Covered at every age
Life insurance is something that too many people set and forget. Or worse, don’t look at until they’re older. Some people think that the life insurance within their superannuation will be enough, when in fact it’s usually a bare minimum of cover that needs topping up. The truth is that, from the time you have your first proper job to the end of your life, you’ve got life insurance needs – and they change just as often as your lifestyle and personal proclivities.
Contrary to popular opinion, ‘life insurance’ isn’t just death cover – it also includes coverage for other major life changes. The four main categories are:
- Income protection: gives you a monthly benefit if you cannot work due to injury or illness
- Trauma: gives you a lump sum for an injury or illness
- TPD (total and permanent disability): a lump sum if you are permanently unable to work
- Death: a lump sum for death or certified terminal illness.
The bell curve of life insurance
It can help to think of your life insurance needs like a bell curve on a graph, with the level of coverage on the Y-axis, and age on the X. The reason your coverage needs are higher in the middle is that that’s when your debts and responsibilities are at their peak: think mortgage payments, dependent children etc. Life insurance is about making sure you have a large enough safety net – and the size of that net does vary.
Young and single
When you’ve just started your working life, and just moved out of home, you don’t have many responsibilities – except to yourself. This means you may only need a lower level of cover. But what would happen if you were, say, injured in a car crash and couldn’t do your job for months on end? Would you really want to have to move back in with your parents or deal with Centrelink – and would that be enough to cover your credit card bills, car loan, phone bill and other expenses? Income protection could be just what you need to preserve your newfound independence.
All coupled up
Whether you’re married or in a de facto relationship, it’s natural to want to look after your partner and maintain the lifestyle you enjoy together. Combining your finances and committing to expenses together means that if something were to happen to one of you, it would have a big impact on the other. This shared risk only grows with bigger financial commitments, such as mortgages and shared investments.

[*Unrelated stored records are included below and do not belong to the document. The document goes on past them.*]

(* Let $d>0$, $a\geq 7$ be integers with $\gcd(a,d)=1$ and let $\Gamma_4=\langle a,\,2a+d,\,3a+3d,\,4a+6d\rangle$. For each $1\leq i\leq a-1$ write $i=6\mu_i+q_i$ with $0\leq q_i<6$, and set $(\nu_i,\xi_i)=(1,q_i-3)$ if $q_i\geq 3$ and $(\nu_i,\xi_i)=(0,q_i)$ if $q_i<3$. Then $$\mathrm{Ap}(\Gamma_4,a)=\{0\}\cup\{(4\mu_i+3\nu_i+2\xi_i)a+id \mid 1\leq i\leq a-1\}.$$
   Context: For a numerical semigroup $\Gamma$ and nonzero $a\in\Gamma$, the Apéry set is $\mathrm{Ap}(\Gamma,a)=\{s\in\Gamma\mid s-a\notin\Gamma\}$. *)

From mathcomp Require Import all_boot.
Set Implicit Arguments. Unset Strict Implicit. Unset Printing Implicit Defensive.

Definition in_semigroup (gens : seq nat) (s : nat) : Prop :=
  exists c : nat -> nat, s = \sum_(i < size gens) c i * nth 0 gens i.

(* Apéry set Ap(Γ, a) = { s ∈ Γ | s - a ∉ Γ } (difference taken in Z,
   so s - a ∈ Γ means s = t + a for some t ∈ Γ). *)
Definition apery (gens : seq nat) (a : nat) (s : nat) : Prop :=
  in_semigroup gens s /\ ~ (exists t, in_semigroup gens t /\ s = t + a).

Definition gamma4 (a d : nat) : seq nat :=
  [:: a; 2 * a + d; 3 * a + 3 * d; 4 * a + 6 * d].

Definition mu (i : nat) : nat := i %/ 6.
Definition qq (i : nat) : nat := i %% 6.
Definition nu (i : nat) : nat := if 3 <= qq i then 1 else 0.
Definition xi (i : nat) : nat := if 3 <= qq i then qq i - 3 else qq i.

From mathcomp Require Import all_boot zify.

(* Every generator of Γ_4 = <a, 2a+d, 3a+3d, 4a+6d> has the
   form A*a + B*d, and reaching a given d-coefficient B costs at least
   [weight B] = 4μ_B + 3ν_B + 2ξ_B copies of a (use 4a+6d as often as
   possible, then 3a+3d, then 2a+d).  Hence
       Γ_4 = { A*a + B*d | weight B <= A }                   (in_gamma4).  For such sets, coprimality makes the d-coefficient of an
   element determined modulo a, and the gap property forbids trading a's
   for d's, so Ap(S_w, a) = {0} ∪ { w i * a + i*d | 1 <= i < a }
   (apery_weighted).  The theorem follows since [weight] satisfies the gap
   property for a >= 6 (weight_gap), a consequence of 2B <= 3 weight B <=
   2B + 11. *)

Lemma coprime_coeff_dvd {a d X Y B B' : nat} :
  coprime a d -> X * a + B * d = Y * a + B' * d -> B <= B' -> a %| B' - B.
Proof.
move=> co_ad eq_XY le_BB'.
have eq_k : X * a = Y * a + (B' - B) * d.
  by rewrite mulnBl; move: eq_XY; have := leq_mul le_BB' (leqnn d); lia.
rewrite -(Gauss_dvdl _ co_ad) -(dvdn_addr _ (dvdn_mull Y (dvdnn a))) -eq_k.
exact: dvdn_mull.
Qed.

Section WeightedSemigroup.

Variables (a d : nat) (w : nat -> nat).
Hypothesis a_gt0 : 0 < a.
Hypothesis co_ad : coprime a d.
Hypothesis w0 : w 0 = 0.
Hypothesis w_gap : forall B B', B + a <= B' -> w B < w B'.

Definition weighted (s : nat) : Prop :=
  exists A B, w B <= A /\ s = A * a + B * d.

Definition weighted_apery (s : nat) : Prop :=
  weighted s /\ ~ (exists t, weighted t /\ s = t + a).

Lemma weighted_sub_a_overpaid (A B : nat) :
  w B < A -> exists t, weighted t /\ A * a + B * d = t + a.
Proof.
move=> lt_wA; exists (A.-1 * a + B * d); split; first by exists A.-1, B; lia.
by rewrite -[in LHS](prednK (leq_ltn_trans (leq0n _) lt_wA)) mulSn; lia.
Qed.

(* Neither is an element whose d-coefficient is at least a: trade a*d
   for d copies of a. *)
Lemma weighted_sub_a_large (B : nat) :
  a <= B -> exists t, weighted t /\ w B * a + B * d = t + a.
Proof.
move=> le_aB; have lt_w := w_gap (B - a) B ltac:(lia).
exists ((w B).-1 * a + d * a + (B - a) * d); split.
  by exists ((w B).-1 + d), (B - a); split; [lia | rewrite mulnDl].
rewrite -[in LHS](prednK (leq_ltn_trans (leq0n _) lt_w)) mulSn mulnBl.
have := leq_mul le_aB (leqnn d); rewrite (mulnC d a); lia.
Qed.

Lemma weighted_apery_small (i : nat) :
  i < a -> ~ (exists t, weighted t /\ w i * a + i * d = t + a).
Proof.
move=> lt_ia [_ [[A [B [le_wA ->]]] eq_s]].
have eq_s' : w i * a + i * d = (A + 1) * a + B * d by rewrite mulnDl; lia.
case: (ltngtP B i) => [lt_Bi | lt_iB | eq_Bi].
- have := coprime_coeff_dvd co_ad (esym eq_s') (ltnW lt_Bi).
  by move=> /dvdn_leq; lia.
- have /dvdn_leq le_a := coprime_coeff_dvd co_ad eq_s' (ltnW lt_iB).
  have lt_w := w_gap i B ltac:(lia).
  have : (A + 1) * a <= w i * a.
    by have := leq_mul (ltnW lt_iB) (leqnn d); lia.
  by rewrite leq_pmul2r //; lia.
- by move: eq_s'; subst B => /addIn /eqP; rewrite eqn_pmul2r //; lia.
Qed.

Lemma apery_weighted (s : nat) :
  weighted_apery s <->
  (s = 0 \/ exists i, 1 <= i <= a - 1 /\ s = w i * a + i * d).
Proof.
split.
  move=> [[A [B [le_wA ->]]] not_shift].
  case: (ltnP (w B) A) => [lt_wA | le_Aw].
    by case: not_shift; exact: weighted_sub_a_overpaid.
  have eq_A : A = w B by lia.
  subst A.
  have [-> | B_gt0] := posnP B; first by left; rewrite w0.
  case: (ltnP B a) => [lt_Ba | le_aB]; first by right; exists B; split; first lia.
  by case: not_shift; exact: weighted_sub_a_large.
case=> [-> | [i [range_i ->]]].
  by split; [exists 0, 0; rewrite w0 | move=> [t [_]]; lia].
by split; [exists (w i), i | apply: weighted_apery_small; lia].
Qed.

End WeightedSemigroup.

Definition weight (B : nat) : nat := 4 * mu B + 3 * nu B + 2 * xi B.

Lemma weight_decomp (B : nat) : B = xi B + 3 * nu B + 6 * mu B.
Proof. by rewrite /nu /xi /mu /qq; case: ifP => ?; lia. Qed.

(* The greedy decomposition is optimal: using c1 copies of 2a+d, c2 of
   3a+3d and c3 of 4a+6d costs at least the weight. *)
Lemma weight_min (c1 c2 c3 : nat) :
  weight (c1 + 3 * c2 + 6 * c3) <= 2 * c1 + 3 * c2 + 4 * c3.
Proof. by rewrite /weight /nu /xi /mu /qq; case: ifP => ?; lia. Qed.

(* 2B <= 3 weight B <= 2B + 11, whence the gap property for a >= 6. *)
Lemma weight_gap (a B B' : nat) :
  6 <= a -> B + a <= B' -> weight B < weight B'.
Proof. by rewrite /weight /nu /xi /mu /qq; do 2 case: ifP => ?; lia. Qed.

(* Γ_4 = S_weight: a combination c0, c1, c2, c3 of the generators has
   d-coefficient c1 + 3c2 + 6c3, and conversely the greedy decomposition
   realises every admissible pair (A, B). *)
Lemma in_gamma4 (a d s : nat) :
  in_semigroup (gamma4 a d) s <-> weighted a d weight s.
Proof.
split.
  move=> [c ->]; rewrite /= !big_ord_recr big_ord0 /=.
  set c0 := c _; set c1 := c _; set c2 := c _; set c3 := c _.
  exists (c0 + 2 * c1 + 3 * c2 + 4 * c3), (c1 + 3 * c2 + 6 * c3); split.
    by have := weight_min c1 c2 c3; lia.
  lia.
move=> [A [B [le_wA ->]]].
exists (nth 0 [:: A - weight B; xi B; nu B; mu B]).
rewrite /= !big_ord_recr big_ord0 /=.
have := weight_decomp B; rewrite /weight in le_wA *; nia.
Qed.

Lemma apery_gamma4 (a d s : nat) :
  apery (gamma4 a d) a s <-> weighted_apery a d weight s.
Proof.
rewrite /apery /weighted_apery.
split=> [[/in_gamma4 in_s no_shift] | [/in_gamma4 in_s no_shift]]; split=> //.
  by move=> [t [/in_gamma4 in_t eq_s]]; apply: no_shift; exists t.
by move=> [t [/in_gamma4 in_t eq_s]]; apply: no_shift; exists t.
Qed.

Theorem theorem2p2 (a d : nat) :
  0 < d -> 7 <= a -> coprime a d ->
  forall s : nat,
    apery (gamma4 a d) a s <->
    (s = 0 \/
     exists i : nat, 1 <= i <= a - 1 /\
       s = (4 * mu i + 3 * nu i + 2 * xi i) * a + i * d).
Proof.
move=> _ a_ge7 co_ad s.
have a_gt0 : 0 < a by lia.
have gap : forall B B', B + a <= B' -> weight B < weight B'.
  by move=> B B'; apply: weight_gap; lia.
apply: iff_trans (apery_gamma4 a d s) _.
exact: (@apery_weighted a d weight a_gt0 co_ad (erefl 0) gap).
Qed.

At this stage of life, it’s worth considering life insurance, income protection and trauma insurance. Each will give you a different way to hedge your bets and keep you moving towards your joint financial goals.
Starting a family
As any new parent will say, everything changes when you’ve got someone completely and totally reliant on you. The thought of not being able to give your child the best of everything is almost unbearable, which is why it’s worth rethinking your life insurance before your first child is even born.
All four life insurance categories may be revisited at this stage – even if one partner is off work on extended parental leave. After all, it’s critical to consider the value of the work they do in running the house and looking after the kids – i.e. the price you’d pay to hire someone else to do the same.
An empty nest
When your kids are independent, you may be tempted to scale back your coverage. But instead, you could look at what you’re risking if your earning ability is compromised. Chances are that at this point in your life you’re at the peak of your earnings, you’ve got used to a certain lifestyle with more disposable income, and you may still have a mortgage. Would you want to have to give that up if your ability to work were compromised?
Enjoying retirement
When you’re no longer working, the function of your life insurance changes. It’s not about protecting your income so you can look after someone else – or even yourself. In fact, you’ve (probably) paid off your mortgage and set up an income source from super and/or investments. Life insurance at this stage is about leaving something for your loved ones when you die, or even just making sure your funeral is paid for.